+++ Data to process +++
(* Let $\mathcal M=(S,A,P)$ be an MDP, $T\subseteq S$ a set of sink target states, $s_0\in S$ with $\mathrm{Val}(s_0)>0$, and $\mathcal M'$ the pruned MDP. Let $\sigma^*$ be a strategy of $\mathcal M'$ minimizing $\mathbb E'_{\sigma,s_0}(\mathrm{len}_T)$ over all strategies $\sigma$ of $\mathcal M'$. Then (1) $\Pr_{\sigma^*,s_0}(\Diamond T)=\mathrm{Val}(s_0)$, and (2) $\mathbb E_{\sigma^*,s_0}(\mathrm{len}_T\mid\Diamond T)=\min_{\sigma\in\Sigma_{\mathcal M,s_0}(\Diamond T)}\mathbb E_{\sigma,s_0}(\mathrm{len}_T\mid\Diamond T)$.
   Context: An MDP is $\mathcal M=(S,A,P)$ with $S,A$ finite and $P$ a partial map $S\times A\to\mathrm{Dist}(S)$; $a$ is legal at $s$ if $P(s,a)$ is defined; $P(s,a,s')=P(s,a)(s')$. A strategy maps finite paths to distributions over legal actions at the last state (history-dependent, randomized). $\Pr_{\sigma,s}$, $\mathbb E_{\sigma,s}$ are the induced probability measure and expectation on infinite paths from $s$. States of $T$ are sinks (single legal action, self-loop with probability 1); $\Diamond T$ is the event of visiting $T$; $\mathrm{Val}(s)=\max_\sigma\Pr_{\sigma,s}(\Diamond T)$; $\Sigma_{\mathcal M,s}(\Diamond T)$ is the set of strategies with $\Pr_{\sigma,s}(\Diamond T)=\mathrm{Val}(s)$. $\mathrm{len}_T(\rho)$ is the least $i$ with $\rho[i]\in T$ ($\infty$ if none). $\mathbb E_{\sigma,s}(\mathrm{len}_T\mid\Diamond T)=\sum_{r\ge0}r\cdot\Pr_{\sigma,s}(\Diamond T\wedge\mathrm{len}_T=r)/\Pr_{\sigma,s}(\Diamond T)$. $\mathrm{Opt}_{\mathcal M}=\{(s,a): a\text{ legal at }s,\ \mathrm{Val}(s)=\sum_{s'}P(s,a,s')\mathrm{Val}(s')\}$. The pruned MDP $\mathcal M'=(S',A,P')$ has $S'=\{s:\mathrm{Val}(s)>0\}$ and $P'(s,a,s')=P(s,a,s')\mathrm{Val}(s')/\mathrm{Val}(s)$ if $s\in S'$ and $(s,a)\in\mathrm{Opt}_{\mathcal M}$ (undefined otherwise). Strategies of $\mathcal M'$ are identified with strategies of $\mathcal M$ that after every finite path only play actions $a$ with $(\mathrm{last}(\rho),a)\in\mathrm{Opt}_{\mathcal M}$; $\mathbb E'_{\sigma,s}$ is the expectation in $\mathcal M'$. *)

From HB Require Import structures.
From mathcomp Require Import all_boot all_order all_algebra.
From mathcomp Require Import all_classical all_reals ereal sequences.
Set Implicit Arguments. Unset Strict Implicit. Unset Printing Implicit Defensive.
Import Order.TTheory GRing.Theory Num.Theory.
Local Open Scope ring_scope.
Local Open Scope ereal_scope.
(* Let $V$ be a real vector space with a basis $\mathbf{e}=\{e_\lambda\}_{\lambda\in\Lambda}$, and let $\boldsymbol{\phi}=\{\phi_\lambda\}_{\lambda\in\Lambda}\subseteq\operatorname{Hom}_{\mathbb{R}}(V,\mathbb{R})$ satisfy $\phi_\lambda(e_\mu)\ge0$ for all $\lambda\neq\mu$. For $x\in V$: (1) $x$ has a Zariski decomposition with respect to $(\mathbf{e},\boldsymbol{\phi})$ if and only if $(-\infty,x]_{\mathbf{e}}\cap\operatorname{Nef}(\boldsymbol{\phi})\neq\emptyset$; (2) a Zariski decomposition of $x$, if it exists, is unique; (3) if a Zariski decomposition $x=y+z$ exists with $z\neq0$, then (3.1) for the matrix $Q=(\phi_\lambda(e_\mu))_{\lambda,\mu\in\operatorname{Supp}(z;\mathbf{e})}$ one has $(-1)^{\#\operatorname{Supp}(z;\mathbf{e})}\det Q>0$, and if $Q$ is symmetric then $Q$ is negative definite; (3.2) $\{e_\lambda\}_{\lambda\in\operatorname{Supp}(z;\mathbf{e})}$ is linearly independent in $V/\operatorname{Num}(\boldsymbol{\phi})$.
   Context: Write $x=\sum_\lambda x(\lambda;\mathbf{e})e_\lambda$. $x\le_{\mathbf{e}}y$ means $x(\lambda;\mathbf{e})\le y(\lambda;\mathbf{e})$ for all $\lambda$. $\operatorname{Supp}(x;\mathbf{e})=\{\lambda:x(\lambda;\mathbf{e})\neq0\}$, $(-\infty,x]_{\mathbf{e}}=\{v:v\le_{\mathbf{e}}x\}$, $\operatorname{Nef}(\boldsymbol{\phi})=\{v:\phi_\lambda(v)\ge0\ \forall\lambda\}$, $\operatorname{Num}(\boldsymbol{\phi})=\{v:\phi_\lambda(v)=0\ \forall\lambda\}$. A Zariski decomposition of $x$ with respect to $(\mathbf{e},\boldsymbol{\phi})$ is $x=y+z$ with (i) $y\in\operatorname{Nef}(\boldsymbol{\phi})$, $z\ge_{\mathbf{e}}0$; (ii) $\phi_\lambda(y)=0$ for all $\lambda\in\operatorname{Supp}(z;\mathbf{e})$; (iii) $\{w\in\sum_{\lambda\in\operatorname{Supp}(z;\mathbf{e})}\mathbb{R}_{\ge0}e_\lambda:\phi_\lambda(w)\ge0\ \forall\lambda\in\operatorname{Supp}(z;\mathbf{e})\}=\{0\}$. *)

From HB Require Import structures.
From Stdlib Require Import ClassicalEpsilon.
From mathcomp Require Import all_boot all_order all_algebra.
From mathcomp Require Import reals.
Set Implicit Arguments. Unset Strict Implicit. Unset Printing Implicit Defensive.
Import Order.TTheory GRing.Theory Num.Theory.
Local Open Scope ring_scope.

Section ZariskiDefs.
Variables (R : realType) (V : lmodType R) (Lam : Type).

Definition lin_indep (e : Lam -> V) : Prop :=
  forall (n : nat) (f : 'I_n -> Lam) (c : 'I_n -> R),
    injective f -> \sum_(i < n) c i *: e (f i) = 0 -> forall i, c i = 0.

Definition spanning (e : Lam -> V) : Prop :=
  forall v : V, exists (n : nat) (f : 'I_n -> Lam) (c : 'I_n -> R),
    v = \sum_(i < n) c i *: e (f i).

Definition is_basis (e : Lam -> V) : Prop := lin_indep e /\ spanning e.
Lemma dir_add6 k : dir (6 + k) = dir k.
Proof.
  unfold dir; rewrite Nat.iter_add; fold (dir k).
  destruct (dir k) as [a b]; unfold rot60; simpl; f_equal; ring.
Qed.

Lemma L_lat k : L k = lat (zscale 2 (dir k)).
Proof.
  unfold L; rewrite unitdir_lat, !lat_coords; unfold pscale, zscale; cbn [fst snd].
  rewrite !mult_IZR; f_equal; field.
Qed.

Lemma L_mod k : L k = L (k mod 6).
Proof.
  rewrite !L_lat; f_equal; f_equal.
  rewrite (Nat.div_mod_eq k 6) at 1; induction (k / 6)%nat as [|n IH]; [f_equal; lia|].
  now replace (6 * S n + k mod 6)%nat with (6 + (6 * n + k mod 6))%nat by lia; rewrite dir_add6.
Qed.

Lemma inJ_lat p : (enorm p <= 7)%Z -> inJ (lat p).
Proof. split; [apply lat_inLambda | rewrite normsq_lat; now apply IZR_le]. Qed.

Lemma isCentre_lat p : (enorm p <= 3)%Z -> isCentre (lat p).
Proof. split; [apply lat_inLambda | rewrite normsq_lat; now apply IZR_le]. Qed.

Lemma normsq_L k : normsq (L k) = 4.
Proof.
  rewrite L_lat, normsq_lat; pose proof (enorm_dir k).
  destruct (dir k); unfold enorm, zscale in *; cbn [fst snd] in *.
  replace 4 with (IZR 4) by reflexivity; f_equal; lia.
Qed.

Lemma inJ_L k : inJ (L k).
Proof. split; [rewrite L_lat; apply lat_inLambda | rewrite normsq_L; lra]. Qed.

Lemma inJ_origin : inJ origin.
Proof. rewrite <- lat_origin; apply inJ_lat; discriminate. Qed.

Lemma cos_theta : cos theta = 7 / 8.
Proof. unfold theta; rewrite cos_2a_sin, sin_asin by lra; lra. Qed.

Lemma cos2_sin2_theta : cos theta * cos theta + sin theta * sin theta = 1.
Proof. pose proof (sin2_cos2 theta); unfold Rsqr in *; lra. Qed.

Lemma distsq_rot p q : distsq (rot p) (rot q) = distsq p q.
Proof.
  destruct p as [x y], q as [u v]; unfold distsq, rot; simpl.
  transitivity (((x - u) * (x - u) + (y - v) * (y - v))
                * (cos theta * cos theta + sin theta * sin theta)); [ring|].
  rewrite cos2_sin2_theta; ring.
Qed.

Lemma distsq_rot_self p : distsq p (rot p) = normsq p / 4.
Proof.
  destruct p as [x y]; unfold distsq, normsq, rot; simpl.
  transitivity ((x * x + y * y)
                * (1 - 2 * cos theta + (cos theta * cos theta + sin theta * sin theta))); [ring|].
  rewrite cos2_sin2_theta, cos_theta; field.
Qed.

Lemma distsq_eq0 p q : distsq p q = 0 -> p = q.
Proof.
  destruct p as [x y], q as [u v]; unfold distsq; simpl; intros H.
  destruct (Rplus_sqr_eq_0 (x - u) (y - v) H); f_equal; lra.
Qed.

Lemma rot_inj p q : rot p = rot q -> p = q.
Proof. intros E; apply distsq_eq0; rewrite <- distsq_rot, E; unfold distsq; ring. Qed.

Lemma rot_origin : rot origin = origin.
Proof. unfold rot, origin; simpl; f_equal; ring. Qed.

Lemma distsq_L_rot k : distsq (L k) (rot (L k)) = 1.
Proof. rewrite distsq_rot_self, normsq_L; lra. Qed.

Local Open Scope nat_scope.

Record constraint := Constraint { scope : list nat; test : list nat -> bool }.

Definition holds (f : nat -> nat) (c : constraint) : bool := test c (map f (scope c)).

Definition schedule (n : nat) (cs : list constraint) : list (list constraint) :=
  map (fun k => filter (fun c => list_max (scope c) =? k) cs) (seq 0 n).

(* A constraint is checked as soon as its last variable is coloured; the [if] (not [implb],
   whose arguments [vm_compute] evaluates eagerly) is what prunes the search. *)
Fixpoint search (q : nat) (tbl : list (list constraint)) (goal : list nat -> bool)
    (fuel : nat) (env : list nat) : bool :=
  match fuel with
  | 0 => goal env
  | S m =>
      forallb (fun v => let env' := env ++ [v] in
        if forallb (holds (fun i => nth i env' 0)) (nth (length env) tbl [])
        then search q tbl goal m env' else true) (seq 0 q)
  end.

Definition search_all (q n : nat) (cs : list constraint) (goal : list nat -> bool) : bool :=
  search q (schedule n cs) goal n [].

Lemma nth_map_seq {A} (f : nat -> A) n i d : i < n -> nth i (map f (seq 0 n)) d = f i.
Proof.
  intros Hi; rewrite nth_indep with (d' := f 0) by now rewrite length_map, length_seq.
  now rewrite map_nth, seq_nth.
Qed.
(* Let $q\neq 2$ be a prime power with $q\equiv -1\pmod 3$, let $G=\mathrm{SU}_3(q)$, and let $\mathcal{C}=C_3^{(0,l)}$ for some $0\leq l\leq 2$. Then $K_{\mathcal{C}}$ is irreducible.
   Context: $\mathrm{SU}_3(q)$ is the group of determinant-one matrices $M\in\mathrm{GL}_3(q^2)$ with $M^*JM=J$, where $J$ has ones on the anti-diagonal and zeros elsewhere and $M^*$ is the transpose of $M$ with every entry raised to the $q$-th power. Let $\xi$ be a generator of $\mathbb{F}_{q^2}^\times$. For $0\leq l\leq 2$, $C_3^{(0,l)}$ is the $\mathrm{SU}_3(q)$-conjugacy class of $\begin{pmatrix}1&\xi^{l(q-1)}&\alpha\\0&1&-\xi^{-l(q-1)}\\0&0&1\end{pmatrix}$ where $\alpha\in\mathbb{F}_{q^2}^\times$ satisfies $\alpha+\alpha^q+1=0$. For a finite group $G$ and a subset $\mathcal{C}\subseteq G\setminus\{1\}$ closed under conjugation, the Killing form is $K_{\mathcal{C}}(a,b)=|C_G(ab)\cap\mathcal{C}|$ on the basis $\mathcal{C}$; it is irreducible if the graph with vertex set $\mathcal{C}$, in which distinct $a,b$ are adjacent iff $C_G(ab)\cap\mathcal{C}\neq\emptyset$, is connected. *)

From mathcomp Require Import all_boot all_order all_algebra all_fingroup all_field.
Set Implicit Arguments. Unset Strict Implicit. Unset Printing Implicit Defensive.
Import GRing.Theory.
Local Open Scope ring_scope.

Section SU3.
Variables (F : finFieldType) (q : nat).

Definition conjtr (M : 'M[F]_3) : 'M[F]_3 := map_mx (fun x => x ^+ q) M^T.

Definition Jmx : 'M[F]_3 := \matrix_(i < 3, j < 3) (((i : nat) + j == 2)%N)%:R.

(* SU_3(q) as a set of 3x3 matrices over F = F_{q^2} *)
Definition SU3 : {set 'M[F]_3} :=
  [set M | (conjtr M *m Jmx *m M == Jmx) && (\det M == 1)].

Definition SU3_class (u : 'M[F]_3) : {set 'M[F]_3} :=
  [set invmx h *m u *m h | h in SU3].

Definition SU3_cent (x : 'M[F]_3) : {set 'M[F]_3} :=
  [set h in SU3 | h *m x == x *m h].

Definition killing (C : {set 'M[F]_3}) (a b : 'M[F]_3) : nat :=
  #|SU3_cent (a *m b) :&: C|.

Definition killing_adj (C : {set 'M[F]_3}) : rel 'M[F]_3 :=
  fun a b => [&& a \in C, b \in C, a != b & (0 < killing C a b)%N].

Definition killing_irreducible (C : {set 'M[F]_3}) : Prop :=
  forall a b, a \in C -> b \in C -> connect (killing_adj C) a b.

Definition C3rep (x alpha : F) : 'M[F]_3 :=
  \matrix_(i < 3, j < 3)
    if i == j :> nat then 1
    else if ((i : nat) == 0%N) && ((j : nat) == 1%N) then x
    else if ((i : nat) == 0%N) && ((j : nat) == 2%N) then alpha
    else if ((i : nat) == 1%N) && ((j : nat) == 2%N) then - x^-1
    else 0.

Definition C3_0l (xi alpha : F) (l : nat) : {set 'M[F]_3} :=
  SU3_class (C3rep (xi ^+ (l * (q - 1))) alpha).

End SU3.

From mathcomp Require Import all_boot all_order all_algebra all_fingroup all_field.
From mathcomp Require Import ring zify.
Set Implicit Arguments. Unset Strict Implicit. Unset Printing Implicit Defensive.
Import GRing.Theory.
Local Open Scope ring_scope.

(* Let u = C3rep x alpha, a regular unipotent element of G = SU_3(q), and call
   g in G linked when u and u^g lie in one connected component of the graph on
   the class of u.  Linked elements form a subgroup, and the graph is connected
   as soon as all of G is linked.  Conjugates of u under the unipotent radical U
   commute with u, so U is linked.  An explicit path u -- u' -- y0 of length
   two, whose second edge is witnessed by u^w, links w b0 for the long Weyl
   element w and an upper triangular b0; conjugating by w b0 then links the
   opposite unipotent group.  As the norm F_(q^2) -> F_q is onto, this links
   the whole Borel subgroup B, hence w, and the Bruhat decomposition
   of G as the union of B and U w B concludes. *)

Section UnitMatrix.
Variables (R : comUnitRingType) (n : nat).
Implicit Types A B g h : 'M[R]_n.

Lemma invmx_eq A B : A \in unitmx -> B *m A = 1%:M -> invmx A = B.
Proof. by move=> uA BA1; rewrite -[RHS]mulmx1 -(mulmxV uA) mulmxA BA1 mul1mx. Qed.
Definition lagrange_multiplier : R :=
  (D + \sum_j r j 0 / q 0 j) / \sum_j (q 0 j)^-1.

Definition hyperplane_minimizer : 'cV[R]_p :=
  \col_j ((lagrange_multiplier - r j 0) / q 0 j).

Local Notation kappa := lagrange_multiplier.
Local Notation umin := hyperplane_minimizer.

Lemma hyperplane_minimizer_stationary j : q 0 j * umin j 0 + r j 0 = kappa.
Proof. by rewrite mxE mulrC divfK ?gt_eqF ?subrK. Qed.

Hypothesis p_gt0 : (0 < p)%N.

Lemma sum_hyperplane_minimizer : \sum_j umin j 0 = D.
Proof.
have S_gt0 : 0 < \sum_j (q 0 j)^-1.
  rewrite (bigD1 (Ordinal p_gt0)) //= ltr_pwDl ?invr_gt0 //.
  by apply: sumr_ge0 => j _; rewrite invr_ge0 ltW.
under eq_bigr => j _ do rewrite mxE mulrBl.
by rewrite sumrB -mulr_sumr divfK ?gt_eqF // addrK.
Qed.

Local Notation C := (costC (diag_mx q) r s).

Lemma costC_hyperplane (v : 'cV[R]_p) : \sum_j v j 0 = D ->
  C v = C umin + \sum_j q 0 j * (v j 0 - umin j 0) ^+ 2 / 2.
Proof.
move=> v_sum; rewrite !costC_diag.
have termE j : q 0 j * v j 0 ^+ 2 / 2 + r j 0 * v j 0 =
    q 0 j * umin j 0 ^+ 2 / 2 + r j 0 * umin j 0
    + q 0 j * (v j 0 - umin j 0) ^+ 2 / 2 + kappa * (v j 0 - umin j 0).
  by rewrite -(hyperplane_minimizer_stationary j); field.
under eq_bigr => j _ do rewrite termE.
rewrite !big_split /= -mulr_sumr sumrB v_sum sum_hyperplane_minimizer subrr.
by rewrite mulr0 addr0 [RHS]addrAC.
Qed.

Lemma hyperplane_argmin (u : 'cV[R]_p) :
  (\sum_j u j 0 = D /\ forall v : 'cV[R]_p, \sum_j v j 0 = D -> C u <= C v)
  <-> u = umin.
Proof.
have dev_ge0 (v : 'cV[R]_p) j : 0 <= q 0 j * (v j 0 - umin j 0) ^+ 2 / 2.
  exact: divr_ge0 (mulr_ge0 (ltW (q_gt0 j)) (sqr_ge0 _)) (ler0n _ 2).
split=> [[u_sum u_min]|->]; last first.
  split=> [|v v_sum]; first exact: sum_hyperplane_minimizer.
  by rewrite (costC_hyperplane v_sum) lerDl sumr_ge0.
have := u_min _ sum_hyperplane_minimizer.
rewrite (costC_hyperplane u_sum) gerDl => dev_le0.
have dev0 : \sum_j q 0 j * (u j 0 - umin j 0) ^+ 2 / 2 = 0.
  by apply/eqP; rewrite eq_le dev_le0 sumr_ge0.
apply/matrixP => j k; rewrite (ord1 k); apply/eqP.
have /eqP := psumr_eq0P (fun j _ => dev_ge0 u j) dev0 (i := j) isT.
by rewrite !mulf_eq0 invr_eq0 pnatr_eq0 gt_eqF //= orbF orbb subr_eq0.
Qed.

End HyperplaneQuadratic.


Lemma closed_form_hyperplane_minimizer (R : realFieldType) n p (q : 'rV[R]_p)
    (r : 'cV[R]_p) (w : 'cV[R]_n) : (p <= n)%N -> (forall j, 0 < q 0 j) ->
  let Q := diag_mx q in let E := Emat R n p in
  invmx Q *m ((((ones R p)^T *m invmx Q *m ones R p) 0 0)^-1
      *: (E^T *m (ones R n *m (ones R n)^T) *m (w + E *m invmx Q *m r)) - r)
    = hyperplane_minimizer q r (\sum_i w i 0).
Proof.
move=> p_le_n q_gt0 Q E.
have invQ : invmx Q = diag_mx (\row_j (q 0 j)^-1).
  by apply: invmx_diag => j; rewrite gt_eqF.
have sum_invQ (x : 'cV[R]_p) :
    ((ones R p)^T *m invmx Q *m x) 0 0 = \sum_j x j 0 / q 0 j.
  rewrite -mulmxA -sum_col_onesE invQ.
  by apply: eq_bigr => j _; rewrite mul_diag_mx !mxE mulrC.
have sum_rhs : (ones R n)^T *m (w + E *m invmx Q *m r)
    = (\sum_i w i 0 + \sum_j r j 0 / q 0 j)%:M.
  rewrite [LHS]mx11_scalar mulmxDr mxE -sum_col_onesE -sum_invQ !mulmxA.
  by rewrite ones_mul_Emat.
have kappaE : (((ones R p)^T *m invmx Q *m ones R p) 0 0)^-1
      *: (E^T *m (ones R n *m (ones R n)^T) *m (w + E *m invmx Q *m r))
    = lagrange_multiplier q r (\sum_i w i 0) *: ones R p.
  rewrite sum_invQ mulmxA trEmat_mul_ones // -mulmxA sum_rhs.
  rewrite mul_mx_scalar scalerA mulrC /lagrange_multiplier.
  by congr (_ / _ *: _); apply: eq_bigr => j _; rewrite /ones mxE div1r.
apply/matrixP => j k; rewrite (ord1 k) kappaE invQ mul_diag_mx !mxE.
by rewrite mulr1 mulrC.
Qed.

Theorem lemma8 (R : realFieldType) (n m p l pc : nat)
  (e : edge_list n m) (ec : edge_list n l) (sel : 'I_pc -> 'I_n)
  (q : 'rV[R]_p) (r : 'cV[R]_p) (s : R) (d : 'cV[R]_n)
  (h : 'I_n -> R -> R) (gamma : 'I_l -> R -> R) (eta : 'I_pc -> R -> R)
  (xbar : 'cV[R]_n) :
  simple_graph e -> connected_graph e ->
  simple_graph ec ->
  injective sel ->
  (1 <= p)%N -> (p <= n)%N ->
  (forall i, 0 < q ord0 i) ->
  let B := incidence R e in
  let E := Emat R n p in
  let Bc := incidence R ec in
  let Ec := unit_cols R sel in
  let Q := diag_mx q in
  let C := costC Q r s in
  let feasible (u : 'cV[R]_p) :=
    exists lambda : 'cV[R]_m,
      0 = Psi Bc Ec h gamma eta xbar - B *m lambda + E *m u - d in
  let dhat := d + Ec *m compw eta (Ec^T *m compw h xbar) in
  let kappahat :=
    (((ones R p)^T *m invmx Q *m ones R p) ord0 ord0)^-1
      *: (E^T *m (ones R n *m (ones R n)^T) *m (dhat + E *m invmx Q *m r)) in
  let uhat := invmx Q *m (kappahat - r) in
  forall u : 'cV[R]_p,
    (feasible u /\ (forall v, feasible v -> C u <= C v)) <-> u = uhat.
Proof.
move=> /simple_graph_loopless e_loopless e_connected
  /simple_graph_loopless ec_loopless _ p_gt0 p_le_n q_gt0
  B E Bc Ec Q C feasible dhat kappahat uhat u.
set D := \sum_i dhat i 0.
have feasibleE v : feasible v <-> \sum_j v j 0 = D.
  rewrite /feasible incidence_constraint_solvable // sum_colD sum_colN sum_colD.
  rewrite sum_Psi // sum_Emat_mul // /D sum_colD [- _ + _]addrC -addrA -opprD.
  by rewrite [\sum_i d i 0 + _]addrC; split=> [/subr0_eq|->]; rewrite ?subrr.
rewrite /uhat /kappahat closed_form_hyperplane_minimizer // -/D.
rewrite -(hyperplane_argmin r s D q_gt0 p_gt0).
by split=> -[u_feas u_min]; split=> [|v v_feas];
  apply/feasibleE || apply/u_min/feasibleE.
Qed.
+++
§ **Work instruction**: Every line from the line containing "Lemma sum_hyperplane_minimizer : \sum_j" through the line containing "q 0 j * umin j 0 ^+" in the records above must be retyped exactly. Leave out the rest.

§ **Task result**:
Lemma sum_hyperplane_minimizer : \sum_j umin j 0 = D.
Proof.
have S_gt0 : 0 < \sum_j (q 0 j)^-1.
  rewrite (bigD1 (Ordinal p_gt0)) //= ltr_pwDl ?invr_gt0 //.
  by apply: sumr_ge0 => j _; rewrite invr_ge0 ltW.
under eq_bigr => j _ do rewrite mxE mulrBl.
by rewrite sumrB -mulr_sumr divfK ?gt_eqF // addrK.
Qed.

Local Notation C := (costC (diag_mx q) r s).

Lemma costC_hyperplane (v : 'cV[R]_p) : \sum_j v j 0 = D ->
  C v = C umin + \sum_j q 0 j * (v j 0 - umin j 0) ^+ 2 / 2.
Proof.
move=> v_sum; rewrite !costC_diag.
have termE j : q 0 j * v j 0 ^+ 2 / 2 + r j 0 * v j 0 =
    q 0 j * umin j 0 ^+ 2 / 2 + r j 0 * umin j 0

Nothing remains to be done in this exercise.